3.5.2 Calculating group-wise margins of error
These margin of error functions in tidycensus can in turn be integrated into tidyverse-centric analytic pipelines to handle large margins of error around estimates. Given that the smaller age bands in the Salt Lake City dataset are characterized by too much uncertainty for our analysis, we decide in this scenario to aggregate our data upwards to represent populations aged 65 and older by sex.
In the code below, we use the case_when()
function to create a new column, sex
, that represents a mapping of the variables we pulled from the ACS to their sex categories. We then employ a familiar group_by() %>% summarize()
method to aggregate our data by Census tract and sex. Notably, the call to summarize()
includes a call to tidycensus’s moe_sum()
function, which will generate a new column that represents the margin of error around the derived sum.
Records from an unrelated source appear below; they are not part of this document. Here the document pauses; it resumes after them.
Section Decomposition.
Variables (ip0 : G0 -> G0) (ip1 : G1 -> G1) (ip2 : G2 -> G2).
Hypotheses (mulpK0 : cancel (fun x => x *+ p) ip0) (ip0K : cancel ip0 (fun x => x *+ p)).
Hypothesis ip1K : cancel ip1 (fun x => x *+ p).
Hypotheses (mulpK2 : cancel (fun x => x *+ p) ip2) (ip2K : cancel ip2 (fun x => x *+ p)).

(* The projections of M0 onto X along im a02, and of M2 onto Y and Z. *)
Definition PX x := a01 (a10 (ip0 x)).
Definition PY y := a20 (a02 (Nquo p t2 (ip2 y))).
Definition PZ y := a21 (a12 (Nquo p s2 (ip2 y))).

Lemma addmap_PX : addmap PX.
Proof. exact: addmap_comp add01 (addmap_comp add10 (addmap_ip mulpK0 ip0K)). Qed.

Lemma addmap_PY : addmap PY.
Proof.
apply: addmap_comp add20 (addmap_comp add02 (addmap_comp _ (addmap_ip mulpK2 ip2K))).
exact/addmap_Nquo/addmap_sub1.
Qed.

Lemma addmap_PZ : addmap PZ.
Proof.
apply: addmap_comp add21 (addmap_comp add12 (addmap_comp _ (addmap_ip mulpK2 ip2K))).
exact/addmap_Nquo/addmap_sub1.
Qed.

Lemma PX_id x : a20 x = 0 -> PX x = x.
Proof. by move=> a20x; rewrite [RHS](keru_ima01 mulpK0 ip0K) // a20x addmap0. Qed.

Lemma PX_a02 y : PX (a02 y) = 0.
Proof. by rewrite /PX -(addmap_divp add02 ip2K mulpK0) a10a02 addmap0. Qed.

Lemma PY_id y : a21 (a12 y) = 0 -> PY y = y.
Proof. by move=> fy; rewrite [RHS](kerf_ime mulpK2 ip2K). Qed.

Lemma PZ_id y : a20 (a02 y) = 0 -> PZ y = y.
Proof. by move=> ey; rewrite [RHS](kere_imf mulpK2 ip2K). Qed.

Lemma PY_kere y : a20 (a02 y) = 0 -> PY y = 0.
Proof.
move=> ey; apply: (Nquo_sub1_ker p adde).
by rewrite (addmap_divp adde ip2K mulpK2) ey (mulp_inv0 mulpK2).
Qed.

Lemma PZ_kerf y : a21 (a12 y) = 0 -> PZ y = 0.
Proof.
move=> fy; apply: (Nquo_sub1_ker p addf).
by rewrite (addmap_divp addf ip2K mulpK2) fy (mulp_inv0 mulpK2).
Qed.

Lemma PY_PZ y : PY y + PZ y = y.
Proof. by rewrite /PY /PZ -split2 ip2K. Qed.

Variables (g0 : G0 -> G0) (g1 : G1 -> G1) (g2 : G2 -> G2).
Hypotheses (grading0 : is_grading g0) (grading2 : is_grading g2).
Hypotheses (pres01 : gr_pres g1 g0 a01) (pres10 : gr_pres g0 g1 a10)
  (rev12 : gr_rev g2 g1 a12) (rev21 : gr_rev g1 g2 a21)
  (pres02 : gr_pres g2 g0 a02) (pres20 : gr_pres g0 g2 a20).

Let addg0 := grading0.1.
Let addg2 := grading2.1.

Lemma g2_e : {morph g2 : y / a20 (a02 y)}.
Proof. by move=> y; rewrite pres02 pres20. Qed.

Lemma g2_f : {morph g2 : y / a21 (a12 y)}.
Proof. by move=> y; rewrite rev12 addmapB // rev21 opprB addrC subrK. Qed.

Lemma g2_PY y : PY (g2 y) = g2 (PY y).
Proof.
rewrite /PY -(addmap_divp addg2 ip2K mulpK2).
by rewrite -(Nquo_morph p addg2 (sub1_morph addg2 g2_e)) -g2_e.
Qed.

Lemma g2_PZ y : PZ (g2 y) = g2 (PZ y).
Proof.
rewrite /PZ -(addmap_divp addg2 ip2K mulpK2).
by rewrite -(Nquo_morph p addg2 (sub1_morph addg2 g2_f)) -g2_f.
Qed.

Lemma X_g0 x : a20 x = 0 -> a20 (g0 x) = 0.
Proof. by move=> a20x; rewrite pres20 a20x addmap0. Qed.

Lemma Y_g2 y : a21 (a12 y) = 0 -> a21 (a12 (g2 y)) = 0.
Proof. by move=> fy; rewrite -g2_f fy addmap0. Qed.

Lemma Z_g2 z : a20 (a02 z) = 0 -> a20 (a02 (z - g2 z)) = 0.
Proof. by move=> ez; rewrite (addmapB add02) (addmapB add20) -g2_e ez addmap0 ?subrr. Qed.

Lemma Y_t2 y : a21 (a12 y) = 0 -> a21 (a12 (y - a20 (a02 y))) = 0.
Proof. by move=> fy; rewrite (addmapB add12) (addmapB add21) a20_kerf fy subrr. Qed.

Lemma Z_s2 z : a20 (a02 z) = 0 -> a20 (a02 (z - a21 (a12 z))) = 0.
Proof. by move=> ez; rewrite (addmapB add02) (addmapB add20) a21_kere ez subrr. Qed.

(* Z sits in M2 = Y (+) Sigma Z with the opposite parity. *)
Definition gX : X -> X := @kernel_restr _ _ (additive_of add20) g0 X_g0.
Definition gY : Y -> Y := @kernel_restr _ _ (additive_of addf) g2 Y_g2.
Definition gZ : Z -> Z := @kernel_restr _ _ (additive_of adde) (fun z => z - g2 z) Z_g2.
Definition thY : Y -> Y := @kernel_restr _ _ (additive_of addf) t2 Y_t2.
Definition thZ : Z -> Z := @kernel_restr _ _ (additive_of adde) s2 Z_s2.

Lemma grZp_X : grZp p gX.
Proof.
split; first exact: kernel_restr_grading.
exact: uniq_pdiv_kernel (additive_of add20) (Bijective mulpK0 ip0K) (Bijective mulpK2 ip2K).
Qed.

Lemma grZthp_Y : grZthp p gY thY.
Proof.
have div2 := Bijective mulpK2 ip2K.
split.
- exact: kernel_restr_grading.
- exact (uniq_pdiv_kernel (additive_of addf) div2 div2).
- exact/addmap_kernel_restr/addmap_sub1.
- by apply: kernel_restr_gr_pres => y; rewrite addmapB // g2_e.
- by move=> y; apply: kval_inj; rewrite Nop_kernel_restr (Nop_t2_kerf (Y_kerf y)).
Qed.

Lemma grZthp_Z : grZthp p gZ thZ.
Proof.
have div2 := Bijective mulpK2 ip2K.
split.
- by apply: kernel_restr_grading; apply: grading_sub1.
- exact (uniq_pdiv_kernel (additive_of adde) div2 div2).
- exact/addmap_kernel_restr/addmap_sub1.
- apply: kernel_restr_gr_pres => z /=.
  rewrite (addmapB add12) (addmapB add21) (addmapB addg2) -g2_f -!addrA.
  by congr (_ + _); rewrite !opprB addrCA [RHS]addrCA; congr (_ + _); apply: addrC.
- by move=> z; apply: kval_inj; rewrite Nop_kernel_restr (Nop_s2_kere (Z_kere z)).
Qed.

Definition phi0 (x : G0) : X * Y :=
  (@kernel_corestr _ _ (additive_of add20) _ PX (fun x => a20a01 _) x,
   @kernel_corestr _ _ (additive_of addf) _ a20 a20_kerf x).
Definition phi1 (x : G1) : X * Z :=
  (@kernel_corestr _ _ (additive_of add20) _ a01 a20a01 x,
   @kernel_corestr _ _ (additive_of adde) _ a21 a21_kere x).
Definition phi2 (y : G2) : Y * Z :=
  (@kernel_corestr _ _ (additive_of addf) _ PY (fun y => a20_kerf _) y,
   @kernel_corestr _ _ (additive_of adde) _ PZ (fun y => a21_kere _) y).

Definition psi0 (v : X * Y) : G0 := kval v.1 + a02 (Nquo p t2 (ip2 (kval v.2))).
Definition psi1 (v : X * Z) : G1 :=
  a10 (ip0 (kval v.1)) + a12 (Nquo p s2 (ip2 (kval v.2))).
Definition psi2 (v : Y * Z) : G2 := kval v.1 + kval v.2.

Lemma phi0K : cancel phi0 psi0.
Proof.
move=> x; rewrite /psi0 /= -(addmap_divp add20 ip0K mulpK2).
rewrite -(Nquo_morph p add20 (sub1_morph add20 (fun=> erefl))).
by rewrite /PX -split0 ip0K.
Qed.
salt_lake_grouped <- salt_lake %>%
mutate(sex = case_when(
str_sub(variable, start = -2) < "26" ~ "Male",
TRUE ~ "Female"
)) %>%
group_by(GEOID, sex) %>%
summarize(sum_est = sum(estimate),
sum_moe = moe_sum(moe, estimate))
GEOID | sex | sum_est | sum_moe |
---|---|---|---|
49035100100 | Female | 165 | 170.72493 |
49035100100 | Male | 64 | 34.43835 |
49035100200 | Female | 170 | 57.26255 |
49035100200 | Male | 128 | 47.51842 |
49035100306 | Female | 155 | 77.48548 |
49035100306 | Male | 136 | 85.53362 |
49035100307 | Female | 207 | 82.03658 |
49035100307 | Male | 110 | 58.89822 |
49035100308 | Female | 157 | 110.97297 |
49035100308 | Male | 91 | 59.97499 |
The margins of error relative to their estimates are now much more reasonable than in the disaggregated data.
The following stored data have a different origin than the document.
Lemma loglog_gauge (eta T : R) :
  0 < eta -> 0 < T -> exp 1 <= ln (2 / T) ->
  gauge (fun t => exp (- eta * (ln (2 / Rmin t T) / ln (ln (4 / Rmin t T))))).
Proof.
  intros Heta HT HlnT. pose proof ln_2_pos. pose proof (exp_pos 1).
  assert (Hln2 : forall t, 0 < t -> ln (2 / t) = ln 2 - ln t) by (intros; apply ln_div; lra).
  apply (gauge_truncate (fun t => exp (- eta * (ln (2 / t) / ln (ln (4 / t)))))); [lra | | |].
  - intros t Ht. apply exp_pos.
  - intros s t Hs Hst HtT. rewrite !psi_ln_div by lra. apply exp_le_compat.
    assert (ln t <= ln T) by (apply ln_le; lra).
    assert (ln s <= ln t) by (apply ln_le; lra).
    assert (Hle : psi (ln (2 / t)) <= psi (ln (2 / s))).
    { rewrite !Hln2 in * by lra. apply psi_le_compat; try lra.
      rewrite <- (ln_exp 1) at 1. apply ln_le; [apply exp_pos | lra]. }
    nra.
  - intros eps Heps.
    set (s := Rmax 2 (Rmax (ln (2 / T) + 2) (2 * (- ln eps) / eta + 1))).
    assert (Hs2 : 2 <= s) by apply Rmax_l.
    assert (HsT : ln (2 / T) + 2 <= s) by (eapply Rle_trans; [apply Rmax_l | apply Rmax_r]).
    assert (Hseps : 2 * (- ln eps) / eta + 1 <= s) by (eapply Rle_trans; [apply Rmax_r | apply Rmax_r]).
    set (u := s ^ 2 - ln 2).
    assert (Hu : s <= u) by (unfold u; pose proof ln_2_lt_1; nra).
    pose proof (exp_pos (- u)).
    exists (2 * exp (- u)).
    assert (Hlnu : ln (2 / (2 * exp (- u))) = u).
    { replace (2 / (2 * exp (- u))) with (/ exp (- u)) by (field; lra).
      rewrite ln_Rinv, ln_exp by lra. ring. }
    split; [split |].
    + lra.
    + rewrite Hln2 in HsT by lra.
      assert (exp (- u) <= exp (ln (T / 2))) by (apply exp_le_compat; rewrite ln_div; lra).
      rewrite exp_ln in H2 by lra. lra.
    + rewrite psi_ln_div, Hlnu by lra.
      pose proof (psi_square_ge s Hs2). fold u in H2.
      rewrite <- (exp_ln eps) by exact Heps. apply exp_increasing.
      apply (Rmult_le_compat_l eta) in Hseps; [| lra].
      replace (eta * (2 * - ln eps / eta + 1)) with (2 * - ln eps + eta) in Hseps by (field; lra).
      nra.
Qed.

Lemma h2_pos_eq (beta r : R) : 0 < r -> h2 beta r = r * Rpower (ln (1 / r)) (- beta).
Proof. intro Hr. unfold h2. destruct Rle_dec; [lra | reflexivity]. Qed.

Lemma loglog_step_ln (c beta x : R) :
  0 < c -> 0 < x ->
  - ln (c * h2 beta (x / 2) / 4)
    = - ln x + ((ln 2 + ln 4 - ln c) + beta * ln (- ln x + ln 2)).
Proof.
  intros Hc Hx. rewrite h2_pos_eq by lra. unfold Rpower.
  replace (1 / (x / 2)) with (2 / x) by (field; lra).
  pose proof (exp_pos (- beta * ln (ln (2 / x)))).
  set (p := exp (- beta * ln (ln (2 / x)))) in *.
  assert (0 < x / 2 * p) by (apply Rmult_lt_0_compat; lra).
  assert (0 < c * (x / 2 * p)) by (apply Rmult_lt_0_compat; lra).
  rewrite ln_div, ln_mult, ln_mult, (ln_div x 2) by lra.
  unfold p. rewrite ln_exp, (ln_div 2 x) by lra. replace (- ln x + ln 2) with (ln 2 - ln x) by ring. ring.
Qed.

Lemma loglog_growth_psi (beta kappa : R) (x : nat -> R) :
  0 < beta -> 0 <= x 0%nat -> 1 <= ln (x 0%nat + ln 2) ->
  Rabs kappa <= beta * ln (x 0%nat + ln 2) ->
  (forall n, x (S n) = x n + (kappa + beta * ln (x n + ln 2))) ->
  forall n, x 0%nat <= x n /\ psi (x n) <= psi (x 0%nat) + 2 * beta * INR n.
Proof.
  intros Hbeta Hx0 Hl0 Hkappa Hrec. pose proof ln_2_pos.
  induction n as [|n [Hxn Hpsi]]; [simpl; lra |].
  assert (Hl : ln (x 0%nat + ln 2) <= ln (x n + ln 2)) by (apply ln_le; lra).
  pose proof (Rle_abs (- kappa)). rewrite Rabs_Ropp in H0.
  rewrite Hrec, S_INR. split; [nra |].
  pose proof (psi_step (x n) kappa beta ltac:(lra) Hbeta ltac:(lra) ltac:(nra)). lra.
Qed.

Lemma loglog_radii_gauge_bound (c beta r : R) (n : nat) :
  0 < beta -> 0 < c -> r < 1 ->
  (forall m, 0 < perfect_radii (fun s => c * h2 beta s) r m) ->
  1 <= ln (- ln r + ln 2) -> Rabs (ln 2 + ln 4 - ln c) <= beta * ln (- ln r + ln 2) ->
  exp (- (ln 2 / (2 * beta) * psi (- ln r))) / 2 / 2 ^ n
    <= exp (- (ln 2 / (2 * beta)) *
            (ln (2 / (2 * perfect_radii (fun s => c * h2 beta s) r (S n))) /
             ln (ln (4 / (2 * perfect_radii (fun s => c * h2 beta s) r (S n)))))).
Proof.
  intros Hbeta Hc Hr1 Hrs Hl0 Hkappa.
  set (rs := perfect_radii (fun s => c * h2 beta s) r) in *.
  pose proof (Hrs 0%nat) as Hr. change (rs 0%nat) with r in Hr.
  pose proof ln_2_pos. pose proof (ln_lt_0 r ltac:(lra)).
  destruct (loglog_growth_psi beta _ (fun m => - ln (rs m)) Hbeta ltac:(change (0 <= - ln r); lra) Hl0 Hkappa
              (fun m => loglog_step_ln c beta (rs m) Hc (Hrs m)) (S n)) as [_ Hpsi].
  change (rs 0%nat) with r in Hpsi.
  rewrite exp_div_pow2, psi_ln_div by (pose proof (Hrs (S n)); lra).
  replace (2 / (2 * rs (S n))) with (/ rs (S n)) by (pose proof (Hrs (S n)); field; lra).
  rewrite ln_Rinv by apply Hrs.
  apply exp_le_compat.
  assert (Heta : 0 < ln 2 / (2 * beta)) by (apply Rdiv_lt_0_compat; lra).
  apply (Rmult_le_compat_l (ln 2 / (2 * beta))) in Hpsi; [| lra].
  replace (ln 2 / (2 * beta) * (psi (- ln r) + 2 * beta * INR (S n)))
    with (ln 2 / (2 * beta) * psi (- ln r) + INR (S n) * ln 2) in Hpsi by (field; lra).
  lra.
Qed.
That said, the Census Bureau issues a note of caution (American Community Survey Office 2020):
All derived MOE methods are approximations and users should be cautious in using them. This is because these methods do not consider the correlation or covariance between the basic estimates. They may be overestimates or underestimates of the derived estimate’s standard error depending on whether the two basic estimates are highly correlated in either the positive or negative direction. As a result, the approximated standard error may not match direct calculations of standard errors or calculations obtained through other methods.
This means that your “best bet” is to first search the ACS tables to see if your data are found in aggregated form elsewhere before doing the aggregation and MOE estimation yourself. In many cases, you’ll find aggregated information in the ACS combined tables, Data Profile, or Subject Tables that will include pre-computed margins of error for you.
3.6 Exercises
-
The ACS Data Profile includes a number of pre-computed percentages which can reduce your data wrangling time. The variable in the 2015-2019 ACS for “percent of the population age 25 and up with a bachelor’s degree” is
DP02_0068P
. For a state of your choosing, use this variable to determine:The county with the highest percentage in the state;
The county with the lowest percentage in the state;
The median value for counties in your chosen state.